On the other hand, only ACS presentation (p = 0.0139) and prior CABG (p = 0.0438) were independent predictors of mortality in the RA-PCI group (Table 6).

4. Discussion

The major findings of our study were that patients who underwent RA-PCI were older, had more co-morbidities, especially chronic renal insufficiency, and also had advanced coronary artery disease as represented by higher rates of previous CABG and more complex lesions. This translated into increased procedural and fluoroscopy times and increased contrast medium use along with an increase in vascular complication rates and in-hospital MACCE. Nevertheless, procedural success rates of RA-PCI were very high. Moreover, despite the higher in-hospital MACCE rate in the RA-PCI group, in-hospital mortality as well as the 3-year MACCE rate did not significantly differ between RA-PCI and PCI. Our findings underline the feasibility and safety of RA-PCI in patients with reduced LVEF.
There are many possible explanations why a reduced LVEF adversely affects outcomes in patients who have undergone RA-PCI. Patients with reduced LVEF are usually multimorbid and, as such, at a higher risk of complications [10]. Several studies have shown a significant correlation between reduced LVEF and mortality in patients who underwent PCI [11,12,13], which is also noted in our analysis. In addition, coronary microvascular obstruction resulting from distal embolization of the released debris during the RA procedure might further worsen the LVEF [19]. And thermal injury as well as thrombocyte activation might propagate microvascular dysfunction and consequently result in more periprocedural myocardial injury and infarction [20]. Despite the higher in-hospital MACCE rate in patients with RA-PCI, this was not associated with increased mortality, which is reassuring. A possible explanation for this is the trade-off between the increased procedural complexity with potentially higher complication rates on the one hand, and the better lesion preparation through debulking before stenting to achieve better stent expansion, which leads to better long-term outcomes on the other [21,22]. Furthermore, multivariate cox regression analysis showed that ACS presentation, prior CABG, and renal dysfunction were the only independent predictors of mortality in patients with reduced LVEF. Interestingly, moderate to severe calcifications were associated with increased long-term mortality only in patients who underwent PCI without RA, but not in patients who underwent RA-PCI. This underlines the efficacy of RA-PCI in severely calcified lesions and ensures its safety.

5. Limitations

Our study has several limitations. First, it is based on a retrospective non-randomized single-center registry. Furthermore, the indication for RA-PCI and the selected device was left to the operator’s discretion and may have varied depending upon their technical expertise and experience, which makes selection bias possible. That is why we performed a regression analysis adjusting for baseline covariates trying to minimize those differences. Also, we relied on angiographic evidence of calcification without routine use of intravascular imaging, which should be the standard of care for calcium quantification and optimal modification. More studies are needed to confirm our results.

6. Conclusion

In conclusion, our study demonstrates the utility, efficacy, and safety of RA-PCI in patients with complex coronary artery disease despite reduced LVEF.

Author Contributions

Conceptualization, M.A. and K.M.; methodology, M.A. and M.B.; software, T.S., M.A., P.T., J.F. and I.A.; validation, M.B., H.O., D.W. and V.R.; formal analysis, M.A., P.T., T.S., M.B. and J.F.; investigation, M.A., M.B., I.A. and K.M.; resources, H.O. and KM.; data curation: M.B., T.S. and J.F.; writing—original draft preparation, M.A. and K.M.; writing—review and editing, H.O., M.B., T.S. and J.F.; visualization, M.A.; supervision, M.A., D.W., M.B., V.R. and K.M.; project administration, M.A. and K.M. All authors have read and agreed to the published version of the manuscript.

Funding

This research received no external funding.

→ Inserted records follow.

Theorem proposition4p1
  (R : realFieldType) (q : params R) (N : nat) (L tau m_p M_p : R)
  (p0 : grid R N)
  (Psi tPsi : nat -> 'I_8 -> grid R N) (p tp : nat -> grid R N)
  (lam : nat -> 'I_8 -> grid R N) (zeta : nat -> grid R N) (xi : nat -> R) :
  params_ok q -> (0 < N)%N -> 0 < L -> 0 < tau ->
  0 < m_p -> (forall i j, m_p <= p0 i j <= M_p) ->
  let h := L / N%:R in
  let D := pD q in
  let mass0 := ginner h (sumPsi (Psi 0%N)) (gcst 1) in
  (* predictor, k = 0 *)
  (forall c : 'I_8, c != iH -> forall i j,
     (tPsi 1%N c i j - Psi 0%N c i j) / tau =
       D / 8 * lap h (gadd (tPsi 1%N c) (Psi 0%N c)) i j
       - D / 2 * chemo h p0 (Psi 0%N c) (p 0%N) i j
       + Lop q (Psi 0%N) c i j + Nop q (Psi 0%N) c i j) ->
  (forall i j,
     (tPsi 1%N iH i j - Psi 0%N iH i j) / tau =
       pdIp q * Psi 0%N iIp i j - pdH q * Psi 0%N iH i j) ->
  (forall i j,
     (tp 1%N i j - p 0%N i j) / tau =
       peta q * D / 2 * lap h (gadd (tp 1%N) (p 0%N)) i j
       + psrc q (Psi 0%N) (p 0%N) i j) ->
  (* predictor, k >= 1 (written for k = n.+1) *)
  (forall (n : nat) (c : 'I_8), c != iH -> forall i j,
     (tPsi n.+2 c i j - Psi n.+1 c i j) / tau =
       D / 8 * lap h (gadd (tPsi n.+2 c) (Psi n.+1 c)) i j
       - 3%:R * D / 4%:R * chemo h p0 (Psi n.+1 c) (p n.+1) i j
       + D / 4%:R * chemo h p0 (Psi n c) (p n) i j
       + 3%:R / 2 * Lop q (Psi n.+1) c i j - 1 / 2 * Lop q (Psi n) c i j
       + 3%:R / 2 * Nop q (Psi n.+1) c i j - 1 / 2 * Nop q (Psi n) c i j) ->
  (forall (n : nat) i j,
     (tPsi n.+2 iH i j - Psi n.+1 iH i j) / tau =
       3%:R / 2 * pdIp q * Psi n.+1 iIp i j - 1 / 2 * pdIp q * Psi n iIp i j
       - 3%:R / 2 * pdH q * Psi n.+1 iH i j + 1 / 2 * pdH q * Psi n iH i j) ->
  (forall (n : nat) i j,
     (tp n.+2 i j - p n.+1 i j) / tau =
       peta q * D / 2 * lap h (gadd (tp n.+2) (p n.+1)) i j
       + 3%:R / 2 * psrc q (Psi n.+1) (p n.+1) i j
       - 1 / 2 * psrc q (Psi n) (p n) i j) ->
  (* corrector: (Psi^{k+1}, p^{k+1}) is the constrained minimizer *)
  (forall k : nat,
     corr_feasible h mass0 (Psi k.+1) (p k.+1) /\
     forall Psi' p', corr_feasible h mass0 Psi' p' ->
       Jcorr h (tPsi k.+1) (tp k.+1) (Psi k.+1) (p k.+1) <= Jcorr h (tPsi k.+1) (tp k.+1) Psi' p') ->
  (* and (lam, zeta, xi) are associated KKT multipliers *)
  (forall k : nat,
     (forall c i j, Psi k.+1 c i j = tPsi k.+1 c i j + lam k.+1 c i j - xi k.+1) /\
     (forall i j, p k.+1 i j - lap h (p k.+1) i j
                  = tp k.+1 i j - lap h (tp k.+1) i j + zeta k.+1 i j) /\
     (forall c i j, lam k.+1 c i j * Psi k.+1 c i j = 0) /\
     (forall i j, zeta k.+1 i j * p k.+1 i j = 0) /\
     (forall c i j, 0 <= lam k.+1 c i j) /\
     (forall i j, 0 <= zeta k.+1 i j) /\
     ginner h (sumPsi (Psi k.+1)) (gcst 1) = mass0) ->
  forall k : nat, 0 <= xi k.+1.
Proof.
move=> _ N_gt0 L_gt0 tau_gt0 _ _ h D mass0 pred0_Phi pred0_H _ pred_Phi pred_H _ _ KKT k.
have tau_neq0 : tau != 0 by rewrite gt_eqF.
have predictor_mass n : \sum_c gsum (tPsi n.+1 c) = \sum_c gsum (Psi n c).
  case: n => [|n].
  - apply: (@total_gsum_explicit_step _ _ _ tau _ _
      (fun c => if c == iH then fun _ _ => 0 else fun i j =>
         D / 8 * lap h (gadd (tPsi 1%N c) (Psi 0%N c)) i j
         - D / 2 * chemo h p0 (Psi 0%N c) (p 0%N) i j)
      (reaction q (Psi 0%N)) tau_neq0 _ (sum_reaction q _)).
    + move=> c; case: (c == iH); first by rewrite gsum_cst mul0rn.
      by rewrite gsumB !gsumZ gsum_lap gsum_chemo !mulr0 subr0.
    + move=> c i j; rewrite /reaction; case: eqVneq => [->|/pred0_Phi ->].
      * by rewrite pred0_H add0r.
      * by ring.
  - apply: (@total_gsum_explicit_step _ _ _ tau _ _
      (fun c => if c == iH then fun _ _ => 0 else fun i j =>
         D / 8 * lap h (gadd (tPsi n.+2 c) (Psi n.+1 c)) i j
         - 3%:R * D / 4%:R * chemo h p0 (Psi n.+1 c) (p n.+1) i j
         + D / 4%:R * chemo h p0 (Psi n c) (p n) i j)
      (fun c i j => 3%:R / 2 * reaction q (Psi n.+1) c i j
                    - 1 / 2 * reaction q (Psi n) c i j) tau_neq0).
    + move=> c; case: (c == iH); first by rewrite gsum_cst mul0rn.
      by rewrite gsumD gsumB !gsumZ gsum_lap !gsum_chemo !mulr0 subr0 addr0.
    + by move=> i j; rewrite sumrB -!mulr_sumr !sum_reaction !mulr0 subr0.
    + move=> c i j; rewrite /reaction; case: eqVneq => [->|/pred_Phi ->].
      * by rewrite pred_H add0r; ring.
      * by ring.
have mass n : h ^+ 2 * \sum_c gsum (Psi n c) = mass0.
  case: n => [|n]; first by rewrite /mass0 ginner_cst1 gsum_sum.
  by have [_ [_ [_ [_ [_ [_ <-]]]]]] := KKT n; rewrite ginner_cst1 gsum_sum.
have h2_neq0 : h ^+ 2 != 0.
  by rewrite expf_neq0 // mulf_neq0 ?gt_eqF // invr_gt0 ltr0n.
have [Psi_eq [_ [_ [_ [lam_ge0 _]]]]] := KKT k.
apply: (mass_multiplier_ge0 N_gt0 _ Psi_eq lam_ge0); first by rewrite card_ord.
by apply: (mulfI h2_neq0); rewrite !mass predictor_mass.
Qed.
(* Let $\Gamma$ be a geometry of type $C_3$. Then every closed path of $\Gamma$ based at a point is homotopic to a primitive path.
   Context: A geometry of type $C_3$ is a (residually connected) rank-3 Tits geometry belonging to the diagram $\circ\!-\!\circ\!=\!\circ$, with types $1,2,3$ called points, lines and planes respectively (residue of a plane: a projective plane on its points and lines; residue of a point: a generalized quadrangle on its lines and planes; residue of a line: a generalized digon). Paths and homotopy: a path is a sequence of elements with consecutive elements incident; homotopy $\sim$ is the equivalence relation on paths with fixed endpoints generated by $(x,y,x)\leftrightarrow(x)$ and $(x,y,z)\leftrightarrow(x,z)$ for flags $\{x,y,z\}$ (homotopy in the flag complex). A primitive path is a closed path $(p,L,q,M,p)$ with $p,q$ points and $L,M$ lines; it is degenerate if $p=q$ or $L=M$. *)

From Stdlib Require Import List Relations.
Import ListNotations.
Set Implicit Arguments.

(** Types 1,2,3 = points, lines, planes. *)
Inductive ctype : Type := Pt | Ln | Pl.

Section Geometry.
Variables (X : Type) (t : X -> ctype) (I : X -> X -> Prop).

Definition incidence_system : Prop :=
  (forall x, I x x) /\ (forall x y, I x y -> I y x) /\
  (forall x y, I x y -> t x = t y -> x = y).

Definition is_flag (F : X -> Prop) : Prop := forall x y, F x -> F y -> I x y.

Definition missing_type (F : X -> Prop) (T : ctype) : Prop :=
  ~ (exists x, F x /\ t x = T).

Definition residue (F : X -> Prop) (y : X) : Prop :=
  (forall x, F x -> I x y) /\ (forall x, F x -> t x <> t y).

Definition connected (R : X -> Prop) : Prop :=
  (exists x, R x) /\
  forall x y, R x -> R y ->
    clos_refl_trans X (fun a b => R a /\ R b /\ I a b) x y.

Definition every_flag_in_chamber : Prop :=
  forall F, is_flag F -> exists C, is_flag C /\ (forall x, F x -> C x) /\
    forall T, exists x, C x /\ t x = T.

Definition residually_connected : Prop :=
  (forall F, is_flag F ->
     (exists T1 T2, T1 <> T2 /\ missing_type F T1 /\ missing_type F T2) ->
     connected (residue F)) /\
  (forall F, is_flag F ->
     (exists T, missing_type F T /\ forall T', T' <> T -> ~ missing_type F T') ->
     exists y, residue F y).

Definition projective_plane (P L : X -> Prop) : Prop :=
  (forall p q, P p -> P q -> p <> q ->
     exists l, L l /\ I p l /\ I q l /\
       forall l', L l' -> I p l' -> I q l' -> l' = l) /\
  (forall l m, L l -> L m -> l <> m ->
     exists p, P p /\ I p l /\ I p m /\
       forall p', P p' -> I p' l -> I p' m -> p' = p) /\
  (exists a b c d, P a /\ P b /\ P c /\ P d /\
     a <> b /\ a <> c /\ a <> d /\ b <> c /\ b <> d /\ c <> d /\
     (forall l, L l -> ~ (I a l /\ I b l /\ I c l)) /\
     (forall l, L l -> ~ (I a l /\ I b l /\ I d l)) /\
     (forall l, L l -> ~ (I a l /\ I c l /\ I d l)) /\
     (forall l, L l -> ~ (I b l /\ I c l /\ I d l))).

(** Generalized quadrangle (Payne-Thas, orders s,t >= 1, possibly infinite)
    with point set P, line set L, incidence I. *)
Definition gen_quadrangle (P L : X -> Prop) : Prop :=
  (forall x y W W', P x -> P y -> x <> y -> L W -> L W' ->
     I x W -> I y W -> I x W' -> I y W' -> W = W') /\
  (forall x Y, P x -> L Y -> ~ I x Y ->
     exists z, P z /\ I z Y /\ (exists W, L W /\ I x W /\ I z W) /\
       forall z', P z' -> I z' Y -> (exists W, L W /\ I x W /\ I z' W) -> z' = z) /\
  (forall x, P x -> exists W1 W2, L W1 /\ L W2 /\ W1 <> W2 /\ I x W1 /\ I x W2) /\
  (forall W, L W -> exists x y, P x /\ P y /\ x <> y /\ I x W /\ I y W).

Definition gen_digon (P L : X -> Prop) : Prop :=
  forall x y, P x -> L y -> I x y.

Definition of_type_in (T : ctype) (z : X) (y : X) : Prop := t y = T /\ I y z.
(* For every NCIFS $\Phi$ on $X\subset\mathbb R^d$, $\operatorname{HD}(J(\Phi))\le B(\Phi)$.
   Context: Fix $d\in\mathbb N$ and a compact set $X\subset\mathbb R^d$ equal to the closure of its interior, such that $\partial X$ is smooth or $X$ is convex. $\|D\phi\|:=\sup_{x\in X}|\phi'(x)|$ for a conformal map $\phi$. An NCIFS $\Phi$ on $X$ is a sequence $\Phi^{(j)}=(\phi^{(j)}_i:X\to X)_{i\in I^{(j)}}$, $j\ge1$, of families indexed by finite or countably infinite sets, satisfying: - (open set condition) images of $\operatorname{int}X$ under distinct maps of the same $\Phi^{(j)}$ are disjoint; - (conformality) there is an open connected $V\supset X$ such that all maps extend to $C^1$ conformal diffeomorphisms of $V$ into $V$; - (bounded distortion) there is $K\ge1$ with $|\phi'(x)|\le K|\phi'(y)|$ for $x,y\in V$ and every composition $\phi^{(k)}_{\omega_k}\circ\cdots\circ\phi^{(l)}_{\omega_l}$; - (uniform contraction) $\|D\phi^{(j)}_i\|\le\eta<1$ for all $i,j$. For $\omega\in I^n=\prod_{j\le n}I^{(j)}$ let $\phi_\omega=\phi^{(1)}_{\omega_1}\circ\cdots\circ\phi^{(n)}_{\omega_n}$. Define $J(\Phi)=\bigcap_n\bigcup_{\omega\in I^n}\phi_\omega(X)$, $Z_n(t)=\sum_{\omega\in I^n}\|D\phi_\omega\|^t$, $\underline P(t)=\liminf_n\frac1n\log Z_n(t)$ and $B(\Phi)=\sup\{t\ge0:\underline P(t)>0\}$ (with $\sup\emptyset=0$). $\operatorname{HD}$ is Hausdorff dimension. *)

From HB Require Import structures.
From mathcomp Require Import all_boot all_order all_algebra.
From mathcomp Require Import all_classical all_reals all_analysis.
Set Implicit Arguments. Unset Strict Implicit. Unset Printing Implicit Defensive.
Import Order.TTheory GRing.Theory Num.Theory.
Import numFieldNormedType.Exports.
Local Open Scope classical_set_scope.
Local Open Scope ring_scope.

Section NCIFS.
Variables (R : realType) (d : nat).
Local Notation V := 'rV[R]_d.

Definition enorm (v : V) : R := Num.sqrt (\sum_(i < d) v ord0 i ^+ 2).
Definition edist (x y : V) : R := enorm (x - y).

(* |f'(x)| : operator norm (w.r.t. the Euclidean norm) of the differential of f
   at x; for a conformal map this is its scaling factor. *)
Definition dnorm (f : V -> V) (x : V) : R :=
  sup [set enorm ('d f x v) | v in [set v : V | enorm v = 1]].

Definition Dnorm (X : set V) (f : V -> V) : R := sup [set dnorm f x | x in X].

Definition conformal_at (f : V -> V) (x : V) : Prop :=
  exists2 c : R, 0 < c & forall v : V, enorm ('d f x v) = c * enorm v.

Definition C1_conformal_diffeo_into (U : set V) (f : V -> V) : Prop :=
  [/\ f @` U `<=` U,
      {in U &, injective f} &
    [/\
      (forall x, U x -> differentiable f x),
      (forall x v, U x -> ((fun y => 'd f y v) @ x --> ('d f x v))),
      (forall x, U x -> conformal_at f x) &
      (exists g : V -> V,
         (forall x, U x -> g (f x) = x) /\
         (forall y, (f @` U) y -> differentiable g y) /\
         (forall y w, (f @` U) y -> ((fun z => 'd g z w) @ y --> ('d g y w))))]].

Fixpoint iterD (vs : seq V) (g : V -> R) : V -> R :=
  match vs with [::] => g | v :: vs' => 'D_v (iterD vs' g) end.

Definition smooth_on (U : set V) (g : V -> R) : Prop :=
  forall (vs : seq V) (x : V), U x ->
    (iterD vs g @ x --> iterD vs g x) /\ (forall v, derivable (iterD vs g) x v).

Definition boundary (X : set V) : set V := closure X `\` interior X.

Definition smooth_boundary (X : set V) : Prop :=
  forall p, boundary X p ->
    exists U : set V, [/\ open U, U p &
      exists g : V -> R, [/\ smooth_on U g,
        (forall x, U x -> exists v, 'D_v g x != 0) &
        (forall x, U x -> (X x <-> g x <= 0))]].

(* Index sets: I j (j >= 1) is the alphabet of the j-th family, encoded as a
   (finite or countably infinite) subset of nat; phi j i is the i-th map of the
   j-th family (given on all of R^d, i.e. it is already the extension to V). *)

Definition words (I : nat -> set nat) (m n : nat) : set (seq nat) :=
  [set w | size w = n /\ forall k, (k < n)%N -> I (m + k)%N (nth 0%N w k)].

Fixpoint compw (phi : nat -> nat -> V -> V) (m : nat) (w : seq nat) : V -> V :=
  match w with [::] => id | a :: w' => phi m a \o compw phi m.+1 w' end.
(* For all $n_1,n_2\in\mathbb N$, with $m=\max(n_1,n_2)$, there are an $\mathrm{NRC}$ expression $\widehat{\mathsf{Pair}}(x,y)$ with $x:\mathfrak U_{n_1}$, $y:\mathfrak U_{n_2}$ and output type $\mathfrak U_{m+2}$, and $\mathrm{NRC}[\mathsf{get}]$ expressions $\hat\pi_i(x)$ from $\mathfrak U_{m+2}$ to $\mathfrak U_{n_i}$ ($i=1,2$), such that $\hat\pi_1(\widehat{\mathsf{Pair}}(a_1,a_2))=a_1$ and $\hat\pi_2(\widehat{\mathsf{Pair}}(a_1,a_2))=a_2$ for all $a_1,a_2$. Furthermore there is a $\Delta_0$ formula $\mathrm{Im}_{\widehat{\mathsf{Pair}}}(x)$ such that $\mathrm{Im}_{\widehat{\mathsf{Pair}}}(a)$ holds iff $a=\widehat{\mathsf{Pair}}(a_1,a_2)$ for some $a_1,a_2$, and in that case $\widehat{\mathsf{Pair}}(\hat\pi_1(a),\hat\pi_2(a))=a$.
   Context: Monadic types: $\mathfrak U_0:=\mathfrak U$ (a set of atoms), $\mathfrak U_{n+1}:=\mathsf{Set}(\mathfrak U_n)$ (all subsets). $\Delta_0$ formulas: built from $t=_{\mathfrak U}u$, $t\neq_{\mathfrak U}u$, $\top,\bot$ with $\wedge,\vee$ and bounded quantifiers $\forall x\in t$, $\exists x\in t$. $\mathrm{NRC}[\mathsf{get}]$: typed expressions built from variables, $\langle\rangle$, pairing, projections, $\emptyset$, singleton $\{E\}$, $\cup$, $\setminus$, big union $\bigcup\{E_1\mid x\in E_2\}$, and $\mathsf{get}_T(E)$ (the unique element of a singleton $E$, a fixed default element otherwise); $\mathrm{NRC}$ is the fragment without $\mathsf{get}$. *)

From Stdlib Require Import List ClassicalEpsilon.
Import ListNotations.
Set Implicit Arguments.

Inductive ty : Type :=
| TU : ty
| TUnit : ty
| TProd : ty -> ty -> ty
| TSet : ty -> ty.

(* Semantics over a type of atoms U: Set(T) = all subsets (predicates);
   equality of sets is extensional thanks to propext/funext. *)
Fixpoint sem (U : Type) (t : ty) : Type :=
  match t with
  | TU => U
  | TUnit => unit
  | TProd a b => (sem U a * sem U b)%type
  | TSet a => sem U a -> Prop
  end.

Fixpoint Un (n : nat) : ty :=
  match n with
  | 0 => TU
  | S k => TSet (Un k)
  end.

Inductive var : list ty -> ty -> Type :=
| VZ : forall G T, var (T :: G) T
| VS : forall G T S, var G T -> var (S :: G) T.

Fixpoint env (U : Type) (G : list ty) : Type :=
  match G with
  | [] => unit
  | T :: G' => (sem U T * env U G')%type
  end.

Fixpoint lookup (U : Type) G T (v : var G T) : env U G -> sem U T :=
  match v in var G T return env U G -> sem U T with
  | VZ _ _ => fun rho => fst rho
  | VS _ v' => fun rho => @lookup U _ _ v' (snd rho)
  end.
Section Smooth.
Variable V : normedModType R.
Fixpoint Ck (k : nat) (U : set V) (f : V -> R) : Prop :=
  match k with
  | 0 => forall x, U x -> {for x, continuous f}
  | k'.+1 => (forall x, U x -> differentiable f x) /\
             (forall v : V, Ck k' U (fun x => derive f x v))
  end.
Definition smooth_on (U : set V) (f : V -> R) := forall k, Ck k U f.
End Smooth.

(* E : frame of vector fields, th : dual coframe (th i x v = i-th component of
   v in the frame at x), G a b c = coefficient: D_{E c} (E b) = sum_a G a b c E a.
   The connection is extended to arbitrary vector fields by C^oo-linearity in
   the direction and the Leibniz rule. *)
Section Connection.
Variables (V : normedModType R) (I : finType).
Variables (E : I -> V -> V) (th : I -> V -> V -> R) (G : I -> I -> I -> V -> R).

Definition vact (X : V -> V) (g : V -> R) : V -> R := fun x => derive g x (X x).

Definition cov (X Z : V -> V) : V -> V := fun x =>
  \sum_c th c x (X x) *:
    \sum_b (vact (E c) (fun y => th b y (Z y)) x *: E b x
            + th b x (Z x) *: \sum_a G a b c x *: E a x).

Definition lie (X Y : V -> V) : V -> V := fun x =>
  derive Y x (X x) - derive X x (Y x).

Definition curv (X Y Z : V -> V) : V -> V := fun x =>
  cov X (cov Y Z) x - cov Y (cov X Z) x - cov (lie X Y) Z x.

Definition ric (Y Z : V -> V) : V -> R := fun x =>
  \sum_a th a x (curv (E a) Y Z x).
End Connection.

Definition deltar (n : nat) (i : 'I_n) : 'rV[R]_n := delta_mx 0 i.

Definition pd (n : nat) (f : 'rV[R]_n -> R) (i : 'I_n) (x : 'rV[R]_n) : R :=
  derive f x (deltar i).

Definition chris (n : nat) (g : 'rV[R]_n -> 'M[R]_n) (a b c : 'I_n)
    (x : 'rV[R]_n) : R :=
  2^-1 * \sum_d (invmx (g x)) a d *
     (pd (fun y => g y d c) b x + pd (fun y => g y d b) c x
      - pd (fun y => g y b c) d x).

Definition coordE (n : nat) (i : 'I_n) : 'rV[R]_n -> 'rV[R]_n := fun _ => deltar i.
Definition coordTh (n : nat) (i : 'I_n) (x v : 'rV[R]_n) : R := v 0 i.
Definition classicalRic (n : nat) (g : 'rV[R]_n -> 'M[R]_n) (a b : 'I_n)
  : 'rV[R]_n -> R :=
  ric (@coordE n) (@coordTh n) (fun a b c => chris g a b c)
      (coordE a) (coordE b).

Institutional Review Board Statement

The study was conducted according to the guidelines of the Declaration of Helsinki and approved by the institutional review board (Ethical approval number: EK 21-1100).

Informed Consent Statement

Not applicable.

Data Availability Statement

The datasets used and/or analyzed in the current study are available from the corresponding author upon reasonable request.

Conflicts of Interest

Mohamed Ayoub reports consulting/speaker/proctoring institutional honoraria from Asahi Intecc, Biotronik, Boston Scientific, Cardinal Health, Cordis, Medtronic, Teleflex, Terumo. Kambis Mashayekhi reports consulting/speaker/proctoring institutional honoraria from Abbott Vascular, Abiomed, Asahi Intecc, AstraZeneca, Biotronik, Boston Scientific, Cardinal Health, Daiichi Sankyo, Medtronic, Shockwave Medical, Teleflex, Terumo. The remaining authors declare no conflicts of interest.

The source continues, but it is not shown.